I'm learning Computer Science course and when I read to these definition, I understand. But I don't know what different purpose of two presentations and why.
Here some short explanation of purpose that my book said:
Zone decimal : hightly compatible with text data.
Packed decimal : faster computing speed.
Something I want to know is:
1) in zone decimal presentation there is a zone section that duplicate every digit. Why ? I see this is no purpose :(
2) why they say zone decimal is compatible with text data and why packed decimaal is faster.
Thanks :)
Firstly - where are you learning CS? Those terms are from the 1960s, the more common name is BCD (Binary Coded Decimal)
Zone decimal uses an entire byte for each digit. This means you can just print a number as if it was text (each 'character' stores a digit 0-9) but since there are only 10 digits and a byte can hold 256 different values this is a bit wasteful.
Packed decimal uses the fact that 4bits can store 16different values. So you can store two digits in a byte (top 4bits and bottom 4bits). This is still a bit wasteful since you only use half the capacity. But it's pretty easy to extract the two digits with just shift and mask operations.
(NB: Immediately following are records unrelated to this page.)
Lemma sqop_bound_adj n (M : 'M[C]_n) b :
  0 <= b -> sqop_bound M b -> sqop_bound (adj M) b.
Proof.
move=> b0 bM x; set z := adj M *m x.
have zz : (sqnorm z)%:C%C = (adj x *m (M *m z)) 0 0.
  by rewrite sqnormC /z adjM adjK !mulmxA.
have z2 : sqnorm z ^+ 2 <= sqnorm x * (b * sqnorm z).
  apply: le_trans (le_trans _ (sqr_normc_inner_le x (M *m z))) _.
    by rewrite ler_sqr ?nnegrE ?sqnorm_ge0 ?normc_ge0 ?real_le_normc.
  by rewrite ler_wpM2l ?sqnorm_ge0.
have [->|z_neq0] := eqVneq (sqnorm z) 0; first by rewrite mulr_ge0 ?sqnorm_ge0.
have z_gt0 : 0 < sqnorm z by rewrite lt0r z_neq0 sqnorm_ge0.
by move: z2; rewrite expr2 mulrCA mulrA ler_pM2r // mulrC.
Qed.

Lemma vnorm_mul_le_specnorm n (M : 'M[C]_n) x :
  sqnorm x = 1 -> vnorm (M *m x) <= specnorm M.
Proof.
move=> x1; apply: ub_le_sup; last by exists x => //; apply/vnorm_eq1.
exists (Num.sqrt (sqfrob M)) => _ [y /= /vnorm_eq1 y1 <-].
by rewrite ler_sqrt ?sqfrob_ge0 // -[sqfrob M]mulr1 -y1 sqnorm_mul_le_sqfrob.
Qed.

Lemma specnorm_ge0 n (M : 'M[C]_n) : (0 < n)%N -> 0 <= specnorm M.
Proof.
move=> n_gt0; have [x x1] := exists_sqnorm1 R n_gt0.
exact: le_trans (sqrtr_ge0 _) (vnorm_mul_le_specnorm M x1).
Qed.

Lemma sqop_bound_specnorm n (M : 'M[C]_n) : sqop_bound M (specnorm M ^+ 2).
Proof.
move=> x; have [x0|x_neq0] := eqVneq (sqnorm x) 0.
  by rewrite (sqnorm_eq0 x0) mulmx0 sqnorm0 mulr0.
set c := Num.sqrt (sqnorm x).
have c_gt0 : 0 < c by rewrite sqrtr_gt0 lt0r x_neq0 sqnorm_ge0.
set y := (c^-1)%:C%C *: x.
have y1 : sqnorm y = 1.
  by rewrite sqnormZ exprVn sqr_sqrtr ?sqnorm_ge0 // mulVf.
have xy : x = c%:C%C *: y by rewrite /y scalerA -rmorphM divff ?gt_eqF // scale1r.
have My : sqnorm (M *m y) <= specnorm M ^+ 2.
  rewrite -(sqr_sqrtr (sqnorm_ge0 (M *m y))) ler_sqr ?nnegrE ?sqrtr_ge0 //.
    exact: vnorm_mul_le_specnorm.
  exact: le_trans (sqrtr_ge0 _) (vnorm_mul_le_specnorm M y1).
clearbody y c; rewrite xy -scalemxAr !sqnormZ y1 mulr1 mulrC.
by rewrite ler_wpM2r ?sqr_ge0.
Qed.

Lemma specnorm_le n (M : 'M[C]_n) b : (0 < n)%N -> 0 <= b ->
  sqop_bound M (b ^+ 2) -> specnorm M <= b.
Proof.
move=> n_gt0 b0 bM; apply: ge_sup.
  have [x x1] := exists_sqnorm1 R n_gt0.
  by exists (vnorm (M *m x)), x => //; apply/vnorm_eq1.
move=> _ [x /= /vnorm_eq1 x1 <-].
rewrite /vnorm -/(sqnorm _) -(ger0_norm b0) -sqrtr_sqr ler_sqrt ?sqr_ge0 //.
by have := bM x; rewrite x1 mulr1.
Qed.

Lemma sqnorm_rdiag n (d : nat -> R) (x : 'cV[C]_n) :
  sqnorm (rdiag n d *m x) = \sum_(t < n) d t ^+ 2 * normc (x t 0) ^+ 2.
Proof.
rewrite /sqnorm /rdiag mul_diag_mx; apply: eq_bigr => t _.
by rewrite !mxE ComplexField.Normc.normcM normc_real exprMn real_normK ?num_real.
Qed.

Lemma sqnorm_rdiag_le n (d : nat -> R) (m : R) (x : 'cV[C]_n) :
  (forall t : 'I_n, x t 0 = 0 \/ `|d t| <= m) ->
  sqnorm (rdiag n d *m x) <= m ^+ 2 * sqnorm x.
Proof.
move=> dm; rewrite sqnorm_rdiag /sqnorm mulr_sumr; apply: ler_sum => t _.
have [->|dtm] := dm t.
  by rewrite ComplexField.Normc.normc0 expr0n /= !mulr0.
rewrite ler_wpM2r ?sqr_ge0 // -real_normK ?num_real // ler_sqr ?nnegrE //.
exact: le_trans dtm.
Qed.

Lemma sqnorm_rdiag_ge n (d : nat -> R) (m : R) (x : 'cV[C]_n) : 0 <= m ->
  (forall t : 'I_n, x t 0 = 0 \/ m <= `|d t|) ->
  m ^+ 2 * sqnorm x <= sqnorm (rdiag n d *m x).
Proof.
move=> m0 dm; rewrite sqnorm_rdiag /sqnorm mulr_sumr; apply: ler_sum => t _.
have [->|dtm] := dm t.
  by rewrite ComplexField.Normc.normc0 expr0n /= !mulr0.
by rewrite ler_wpM2r ?sqr_ge0 // -[d t ^+ 2]real_normK ?num_real // ler_sqr ?nnegrE.
Qed.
Pretty much the only place you would see BCD these days is in some low level hardware where you want to read/x-mit a digit without using a microprocessor at all. It's easy to make a BCD counter just in transistors
but if you want to do any maths you either have to do long multiplication on each digit like you would on paper - or convert into regular ints and back again
Both of these representations have fallen out of favor, perhaps because they are not directly supported by C, and hence all of the systems descended from Unix.
Packed decimal has an advantage in two respects: since takes up less space it can get off the bus and into the processor faster, and many CISC instruction sets have dedicated instructions for arithmetic. To quote from http://en.wikipedia.org/wiki/Packed_decimal#Packed_BCD:
Packed BCD [binary coded decimal] is supported in the COBOL programming language as the
"COMPUTATIONAL-3" (an IBM extension adopted by many other compiler
vendors) or "PACKED-DECIMAL" (part of the 1985 COBOL standard) data
type. Besides the IBM System/360 and later compatible mainframes,
packed BCD was implemented in the native instruction set of the
original VAX processors from Digital Equipment Corporation and was the
native format for the Burroughs Corporation Medium Systems line of
mainframes (descended from the 1950s Electrodata 200 series).
Zoned decimal (http://en.wikipedia.org/wiki/Zoned_decimal#Zoned_decimal) has an easy mapping between characters on punch cards and their representation in memory, which perhaps explains your textbook's claim that it is "highly compatible with text data." As the Wikipedia article suggests, it's a term more used in IBM mainframe circles. On minis, we tended to just call it plain old decimal, PIC 9 data.
"Zoned Decimal" in its natural environment is meant to be compatable with the EBCDIC char set .
ASCII represents numbers as x'3x' -- x'39' which display as character "0" to "9".
The EBCDIC character sets (which has its origins in Hollerith pucnched cards) uses a similar but different scheme where x'F0' is displayed as characer "0' and x'F9' is displayed as character '9'.
Punched cards had a fixed length of 80 characters in many cases 10 or 12 of these characters were eaten up with record type identifiers and sequence numbers (desperately important if you dropped a bunch of cards on the floor!). So space was at a premium. Rather than enter a "+" or "-" character next to each number an "overpunch" extra holes near the top bit of the card was used to represent a positive or negative numbers, so saving a byte.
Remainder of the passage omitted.